## Material supplied
(* Let $d\ge 3$ be odd. Then $G_d$ is spherically transitive and fractal.
   Context: Let $d\ge 3$, $X=\{1,\dots,d\}$, $T$ the $d$-regular rooted tree with vertex set $X^*$. $\mathrm{Aut}(T)$ is the group of root-preserving automorphisms with product left-to-right: $(gh)(u)=h(g(u))$. Sections $g|_u$ are defined by $g(uv)=g(u)\,g|_u(v)$; we write $g=(g|_1,\dots,g|_d)\lambda_g$ with $\lambda_g\in S_d$ the action on the first level; $e$ is the identity; $\overline{j}\in\{1,\dots,d\}$ denotes $j$ mod $d$. $G_d=\langle a_1,\dots,a_d\rangle\le\mathrm{Aut}(T)$ where $a_i$ acts on the first level as $(i\ \overline{i+1})$, with $a_i|_i=a_i$, $a_i|_{\overline{i+1}}=a_{\overline{i+1}}$, and $a_i|_x=e$ otherwise. $G_d$ is self-similar (closed under sections). A subgroup $G\le\mathrm{Aut}(T)$ is spherically transitive if it acts transitively on $X^k$ for every $k$. For $u\in X^*$, $\mathrm{St}_G(u)$ is the stabilizer of $u$ and $\pi_u:\mathrm{St}_G(u)\to G$, $\pi_u(g)=g|_u$. A self-similar $G$ is fractal if $\pi_u(\mathrm{St}_G(u))=G$ for every vertex $u$. *)

From mathcomp Require Import all_boot.
Set Implicit Arguments. Unset Strict Implicit. Unset Printing Implicit Defensive.

(* Alphabet X = {1,...,d} is modelled by 'I_d = {0,...,d-1}; letter k+1 of the
   paper is the ordinal k, and  \overline{j+1}  is  ordS j  (successor mod d).
   Vertices of the d-regular rooted tree T are words  seq 'I_d ;
   tree automorphisms are modelled as functions  seq 'I_d -> seq 'I_d
   (compared extensionally). *)

Definition vertex (d : nat) := seq 'I_d.
Definition treefun (d : nat) := vertex d -> vertex d.

(* Action of the generator a_i:  a_i = (a_i|_1,...,a_i|_d) (i i+1)  with
   a_i|_i = a_i, a_i|_{i+1} = a_{i+1}, other sections trivial. *)
Fixpoint act_a (d : nat) (i : 'I_d) (w : vertex d) {struct w} : vertex d :=
  match w with
  | [::] => [::]
  | x :: v =>
      if x == i then ordS i :: act_a i v
      else if x == ordS i then i :: act_a (ordS i) v
      else x :: v
  end.

Fixpoint act_ainv (d : nat) (i : 'I_d) (w : vertex d) {struct w} : vertex d :=
  match w with
  | [::] => [::]
  | y :: v =>
      if y == ordS i then i :: act_ainv i v
      else if y == i then ordS i :: act_ainv (ordS i) v
      else y :: v
  end.

Definition gen (d : nat) (s : 'I_d * bool) : treefun d :=
  if s.2 then act_ainv s.1 else act_a s.1.

(* Evaluation of a word s_1 s_2 ... s_n with the left-to-right convention
   (gh)(u) = h(g(u)): s_1 acts first. *)
Definition eval_word (d : nat) (w : seq ('I_d * bool)) : treefun d :=
  foldl (fun f s => gen s \o f) id w.

Definition in_Gd (d : nat) (g : treefun d) : Prop :=
  exists w : seq ('I_d * bool), g =1 eval_word w.

(* Section g|_u defined by g(uv) = g(u) g|_u(v). *)
Definition section (d : nat) (g : treefun d) (u : vertex d) : treefun d :=
  fun v => drop (size u) (g (u ++ v)).

Definition spherically_transitive (d : nat) (G : treefun d -> Prop) : Prop :=
  forall u v : vertex d, size u = size v -> exists g, G g /\ g u = v.

(* Fractal: pi_u(St_G(u)) = G for every vertex u. *)
Definition fractal (d : nat) (G : treefun d -> Prop) : Prop :=
  forall u : vertex d,
    (forall g, G g -> g u = u -> G (section g u)) /\
    (forall h, G h -> exists g, G g /\ g u = u /\ section g u =1 h).

From mathcomp Require Import all_boot.
From mathcomp Require Import zify.
Set Implicit Arguments. Unset Strict Implicit. Unset Printing Implicit Defensive.

(* For a letter x, the sections at x of the elements of G_d fixing x form a
   group H_x. The element c_k = a_x a_(x+1) ... a_(x+k-1) sends x to x+k with
   section c_k, and a_(x+k)^2 fixes x+k with section a_(x+k) a_(x+k+1);
   conjugating by c_k shows that c_k in H_x implies c_(k+2) in H_x. As d is
   odd, c_(d-1) is in H_x, and so is c_d, which fixes x; hence a_(x-1) is in
   H_x, then a_x (since a_(x-1)^2 fixes x with section a_x a_(x-1)), then
   every c_k and every generator. So H_x = G_d, and fractality follows by
   induction on the vertex. The c_k act transitively on the first level, and
   fractality lifts this to every level. *)

Section TreeGroup.
Variable d : nat.
Implicit Types (g h f : treefun d) (x y i : 'I_d) (s : 'I_d * bool)
  (w : seq ('I_d * bool)) (u v : vertex d).
Local Notation G := (@in_Gd d).

Lemma eval_word_cons s w v : eval_word (s :: w) v = eval_word w (gen s v).
Proof.
rewrite /eval_word /=; have foldl_compE f v' :
    foldl (fun f t => gen t \o f) f w v' = foldl (fun f t => gen t \o f) id w (f v').
  by elim: w f v' => [|t w IHw] f v' //=; rewrite IHw [RHS]IHw.
by rewrite foldl_compE.
Qed.

Lemma eval_word_cat w1 w2 v :
  eval_word (w1 ++ w2) v = eval_word w2 (eval_word w1 v).
Proof. by elim: w1 v => [|s w1 IHw] v //=; rewrite !eval_word_cons IHw. Qed.

Lemma Gd_eq g h : G g -> h =1 g -> G h.
Proof. by move=> [w Hw] hg; exists w => v; rewrite hg Hw. Qed.

Lemma Gd_id : G id.
Proof. by exists [::]. Qed.

Lemma Gd_comp g h : G g -> G h -> G (h \o g).
Proof.
by move=> [w1 H1] [w2 H2]; exists (w1 ++ w2) => v; rewrite eval_word_cat /= H1 H2.
Qed.

Lemma Gd_gen s : G (gen s).
Proof. by exists [:: s] => v; rewrite eval_word_cons. Qed.

Lemma Gd_a i : G (act_a i).
Proof. exact: (Gd_gen (i, false)). Qed.

Lemma Gd_nil g : G g -> g [::] = [::].
Proof. by move=> [w ->]; elim: w => [|[i []] w IHw] //; rewrite eval_word_cons. Qed.

Lemma gen_cons s x : exists y k, G k /\ forall v, gen s (x :: v) = y :: k v.
Proof.
have Gainv i : G (act_ainv i) by exact: (Gd_gen (i, true)).
case: s => i [] /=; rewrite /gen /=; case: eqP => _; try case: eqP => _.
all: eexists; eexists; split; last by move=> v; reflexivity.
all: first [exact: Gainv | exact: Gd_a | exact: Gd_id].
Qed.

Lemma Gd_cons g x : G g -> exists y k, G k /\ forall v, g (x :: v) = y :: k v.
Proof.
move=> [w Hw]; suff [y [k [Gk Hk]]] :
    exists y k, G k /\ forall v, eval_word w (x :: v) = y :: k v.
  by exists y, k; split=> // v; rewrite Hw.
elim: w {g Hw} x => [|s w IHw] x; first by exists x, id; split; [exact: Gd_id|].
have [y [k [Gk Hk]]] := gen_cons s x.
have [z [k' [Gk' Hk']]] := IHw y.
by exists z, (k' \o k); split=> [|v]; [exact: Gd_comp | rewrite eval_word_cons Hk Hk'].
Qed.

Lemma size_Gd g u : G g -> size (g u) = size u.
Proof.
elim: u g => [|x u IHu] g Gg; first by rewrite Gd_nil.
by have [y [k [Gk ->]]] := Gd_cons x Gg; rewrite /= IHu.
Qed.

Lemma Gd_section g u : G g -> exists h, G h /\ forall v, g (u ++ v) = g u ++ h v.
Proof.
elim: u g => [|x u IHu] g Gg; first by exists g; rewrite Gd_nil.
have [y [k [Gk Hk]]] := Gd_cons x Gg.
have [h [Gh Hh]] := IHu k Gk.
by exists h; split=> // v; rewrite cat_cons !Hk Hh.
Qed.

Hypothesis d_gt1 : 1 < d.

Lemma ordS_neq i : ordS i != i.
Proof.
apply/eqP => /(congr1 val) /=; have lt_id := ltn_ord i.
have [lt_Sd|le_dS] := ltnP i.+1 d; first by rewrite modn_small //; lia.
by rewrite (_ : i.+1 = d) ?modnn; lia.
Qed.

Lemma act_aK i : cancel (act_a i) (act_ainv i).
Proof.
move=> u; elim: u i => [|y u IHu] i //=.
case: (eqVneq y i) => [->|ne_yi]; first by rewrite /= eqxx IHu.
case: (eqVneq y (ordS i)) => [->|ne_yS] /=; last by rewrite (negbTE ne_yi) (negbTE ne_yS).
by rewrite eq_sym (negbTE (ordS_neq i)) eqxx IHu.
Qed.

Lemma act_ainvK i : cancel (act_ainv i) (act_a i).
Proof.
move=> u; elim: u i => [|y u IHu] i //=.
case: (eqVneq y (ordS i)) => [->|ne_yS]; first by rewrite /= eqxx IHu.
case: (eqVneq y i) => [->|ne_yi] /=; last by rewrite (negbTE ne_yi) (negbTE ne_yS).
by rewrite (negbTE (ordS_neq i)) eqxx IHu.
Qed.

Lemma act_a_cons i v : act_a i (i :: v) = ordS i :: act_a i v.
Proof. by rewrite /= eqxx. Qed.

Lemma act_a_consS i v : act_a i (ordS i :: v) = i :: act_a (ordS i) v.
Proof. by rewrite /= (negbTE (ordS_neq i)) eqxx. Qed.

Lemma Gd_inv g : G g -> exists g', G g' /\ cancel g g' /\ cancel g' g.
Proof.
move=> [w Hw]; suff [g' [Gg' [K1 K2]]] :
    exists g', G g' /\ cancel (eval_word w) g' /\ cancel g' (eval_word w).
  by exists g'; split=> //; split=> v; rewrite Hw.
elim: w {g Hw} => [|[i b] w [g' [Gg' [K1 K2]]]].
  by exists id; split; [exact: Gd_id|].
exists (gen (i, ~~ b) \o g'); split; first by apply: Gd_comp => //; exact: Gd_gen.
by case: b; split=> v; rewrite /= eval_word_cons ?K1 ?K2 /gen /= ?act_aK ?act_ainvK.
Qed.

(* h lies in the group H_x = pi_x(St_G(x)) of the header. *)
Definition stab_section x h := exists g, G g /\ forall v, g (x :: v) = x :: h v.

Lemma stab_section_eq x h h' : stab_section x h -> h' =1 h -> stab_section x h'.
Proof. by move=> [g [Gg Hg]] hh'; exists g; split=> // v; rewrite Hg hh'. Qed.

Lemma stab_section_id x : stab_section x id.
Proof. by exists id; split; [exact: Gd_id|]. Qed.

Lemma stab_section_comp x f h :
  stab_section x f -> stab_section x h -> stab_section x (f \o h).
Proof.
move=> [gf [Gf Hf]] [gh [Gh Hh]].
by exists (gf \o gh); split=> [|v]; [exact: Gd_comp | rewrite /= Hh Hf].
Qed.

Lemma stab_section_inv x h : stab_section x h ->
  exists h', stab_section x h' /\ cancel h h' /\ cancel h' h.
Proof.
move=> [g [Gg Hg]]; have [g' [Gg' [K1 K2]]] := Gd_inv Gg.
have [y [k [Gk Hk]]] := Gd_cons x Gg'.
have g'_hv v : g' (x :: h v) = x :: v by rewrite -Hg K1.
have yx : y = x by have := g'_hv [::]; rewrite Hk => -[].
subst y; exists k; split; first by exists g'.
split=> v; first by have := g'_hv v; rewrite Hk => -[].
by have := K2 (x :: v); rewrite Hk Hg => -[].
Qed.

Lemma stab_section_compKl x f h :
  stab_section x f -> stab_section x (f \o h) -> stab_section x h.
Proof.
move=> /stab_section_inv [f' [Sf' [K _]]] Sfh.
by apply: stab_section_eq (stab_section_comp Sf' Sfh) _ => v /=; rewrite K.
Qed.

Lemma stab_section_compKr x f h :
  stab_section x h -> stab_section x (f \o h) -> stab_section x f.
Proof.
move=> /stab_section_inv [h' [Sh' [_ K]]] Sfh.
by apply: stab_section_eq (stab_section_comp Sfh Sh') _ => v /=; rewrite K.
Qed.

(* If t fixes y with section r, then g t g^-1 fixes x with section k r k^-1
   (products read left to right), and k itself lies in H_x. *)
Lemma stab_section_conj x y g k r : G g -> (forall v, g (x :: v) = y :: k v) ->
  stab_section y r -> stab_section x k -> stab_section x (r \o k).
Proof.
move=> Gg Hg [t [Gt Ht]] Sk.
have [g' [Gg' [K1 K2]]] := Gd_inv Gg.
have [z [k' [Gk' Hk']]] := Gd_cons y Gg'.
have g'_yk v : g' (y :: k v) = x :: v by rewrite -Hg K1.
have zx : z = x by have := g'_yk [::]; rewrite Hk' => -[].
subst z; have kk' v : k (k' v) = v by have := K2 (y :: v); rewrite Hk' Hg => -[].
have Sk'rk : stab_section x (k' \o r \o k).
  exists (g' \o t \o g); split=> [|v]; first exact: Gd_comp Gg (Gd_comp Gt Gg').
  by rewrite /= Hg Ht Hk'.
by apply: stab_section_eq (stab_section_comp Sk Sk'rk) _ => v /=; rewrite kk'.
Qed.

Section Letter.
Variable x : 'I_d.

Definition shift k := iter k (@ordS d) x.

Fixpoint climb k : treefun d :=
  if k is k'.+1 then act_a (shift k') \o climb k' else id.

Lemma val_shift k : val (shift k) = (x + k) %% d.
Proof.
elim: k => [|k IHk]; first by rewrite addn0 modn_small.
by rewrite /shift iterS /= -/(shift k) IHk -addn1 modnDml addn1 addnS.
Qed.

Lemma shift_d : shift d = x.
Proof. by apply: val_inj; rewrite val_shift modnDr modn_small. Qed.

Lemma shift_surj y : exists k, shift k = y.
Proof.
exists (y + (d - x)); apply: val_inj; rewrite val_shift.
have := ltn_ord x; have := ltn_ord y => lt_yd lt_xd.
by rewrite (_ : x + _ = y + d) ?modnDr ?modn_small //; lia.
Qed.

Lemma climb_cons k v : climb k (x :: v) = shift k :: climb k v.
Proof. by elim: k v => [|k IHk] v //=; rewrite IHk act_a_cons. Qed.

Lemma Gd_climb k : G (climb k).
Proof. by elim: k => [|k IHk] /=; [exact: Gd_id | apply: Gd_comp => //; exact: Gd_a]. Qed.

Lemma stab_section_a_sq i : stab_section i (act_a (ordS i) \o act_a i).
Proof.
exists (act_a i \o act_a i); split; first by apply: Gd_comp; exact: Gd_a.
by move=> v; rewrite /comp act_a_cons act_a_consS.
Qed.

Lemma stab_section_a_sqS i : stab_section (ordS i) (act_a i \o act_a (ordS i)).
Proof.
exists (act_a i \o act_a i); split; first by apply: Gd_comp; exact: Gd_a.
by move=> v; rewrite /comp act_a_consS act_a_cons.
Qed.

Lemma stab_section_climbSS k :
  stab_section x (climb k) -> stab_section x (climb k.+2).
Proof. exact: stab_section_conj (Gd_climb k) (climb_cons k) (stab_section_a_sq _). Qed.

Lemma stab_section_climb_even m : stab_section x (climb m.*2).
Proof.
elim: m => [|m IHm]; first exact: stab_section_id.
by rewrite doubleS; exact: stab_section_climbSS.
Qed.

Hypothesis d_odd : odd d.

Lemma stab_section_a_x : stab_section x (act_a x).
Proof.
have d_gt0 : 0 < d by lia.
pose z := shift d.-1.
have Sz_x : ordS z = x by rewrite -shift_d -[d in shift d](prednK d_gt0).
have S_even : stab_section x (climb d.-1).
  rewrite -[d.-1]odd_double_half (_ : odd d.-1 = false).
    exact: stab_section_climb_even.
  by move: d_odd; rewrite -(prednK d_gt0) /= => /negbTE.
have S_d : stab_section x (climb d).
  by exists (climb d); split=> [|v]; [exact: Gd_climb | rewrite climb_cons shift_d].
have S_z : stab_section x (act_a z).
  by apply: stab_section_compKr S_even _; rewrite -[d in climb d](prednK d_gt0) in S_d.
by apply: stab_section_compKl S_z _; rewrite -Sz_x; exact: stab_section_a_sqS.
Qed.

Lemma stab_section_climb k : stab_section x (climb k).
Proof.
suff [] : stab_section x (climb k) /\ stab_section x (climb k.+1) by [].
elim: k => [|k [Sk SkS]]; last by split=> //; exact: stab_section_climbSS.
split; first exact: stab_section_id.
exact: stab_section_comp stab_section_a_x (stab_section_id x).
Qed.

Lemma stab_section_a i : stab_section x (act_a i).
Proof.
have [k <-] := shift_surj i.
exact: stab_section_compKr (stab_section_climb k) (stab_section_climb k.+1).
Qed.

Lemma stab_section_Gd h : G h -> stab_section x h.
Proof.
move=> [w Hw]; apply: stab_section_eq _ Hw.
elim/last_ind: w => [|w [i b] IHw]; first exact: stab_section_id.
have S_gen : stab_section x (gen (i, b)).
  case: b; rewrite /gen /=; last exact: stab_section_a.
  apply: (stab_section_compKl (stab_section_a i)).
  by apply: stab_section_eq (stab_section_id x) _ => v; rewrite /= act_ainvK.
apply: stab_section_eq (stab_section_comp S_gen IHw) _ => v.
by rewrite -cats1 eval_word_cat eval_word_cons.
Qed.

End Letter.

Lemma Gd_lift u h : odd d -> G h -> exists g, G g /\ forall v, g (u ++ v) = u ++ h v.
Proof.
move=> d_odd Gh; elim: u => [|y u [g [Gg Hg]]]; first by exists h.
have [g' [Gg' Hg']] := stab_section_Gd y d_odd Gg.
by exists g'; split=> // v; rewrite cat_cons Hg' Hg.
Qed.

Lemma Gd_spherically_transitive : odd d -> spherically_transitive G.
Proof.
move=> d_odd u v; elim: v u => [|y v IHv] [|x u] //= size_uv.
  by exists id; split; [exact: Gd_id|].
have [m shift_m] := shift_surj x y.
have [h [Gh Hh]] : exists h, G h /\ h (climb x m u) = v.
  by apply: IHv; rewrite size_Gd; [case: size_uv | exact: Gd_climb].
have [g [Gg Hg]] := stab_section_Gd y d_odd Gh.
exists (g \o climb x m); split; first by apply: Gd_comp => //; exact: Gd_climb.
by rewrite /= climb_cons shift_m Hg Hh.
Qed.

Lemma Gd_fractal : odd d -> fractal G.
Proof.
move=> d_odd u; split=> [g Gg gu_u | h Gh].
  have [h [Gh Hh]] := Gd_section u Gg.
  by apply: Gd_eq Gh _ => v; rewrite /section Hh gu_u drop_size_cat.
have [g [Gg Hg]] := Gd_lift u d_odd Gh.
exists g; split=> //; split=> [|v]; last by rewrite /section Hg drop_size_cat.
by have := Hg [::]; rewrite cats0 Gd_nil // cats0.
Qed.

End TreeGroup.

Theorem theorem4p6 (d : nat) (hd : 3 <= d) (hodd : odd d) :
  spherically_transitive (@in_Gd d) /\ fractal (@in_Gd d).
Proof.
have d_gt1 : 1 < d by apply: leq_trans hd.
by split; [exact: Gd_spherically_transitive | exact: Gd_fractal].
Qed.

## Problem description
Every line from the line containing "Implicit Types (g" through the line containing "rewrite /eval_word /=;" in the records above must be retyped exactly. Leave out the rest.

## Task answer
Implicit Types (g h f : treefun d) (x y i : 'I_d) (s : 'I_d * bool)
  (w : seq ('I_d * bool)) (u v : vertex d).
Local Notation G := (@in_Gd d).

Lemma eval_word_cons s w v : eval_word (s :: w) v = eval_word w (gen s v).
Proof.
rewrite /eval_word /=; have foldl_compE f v' :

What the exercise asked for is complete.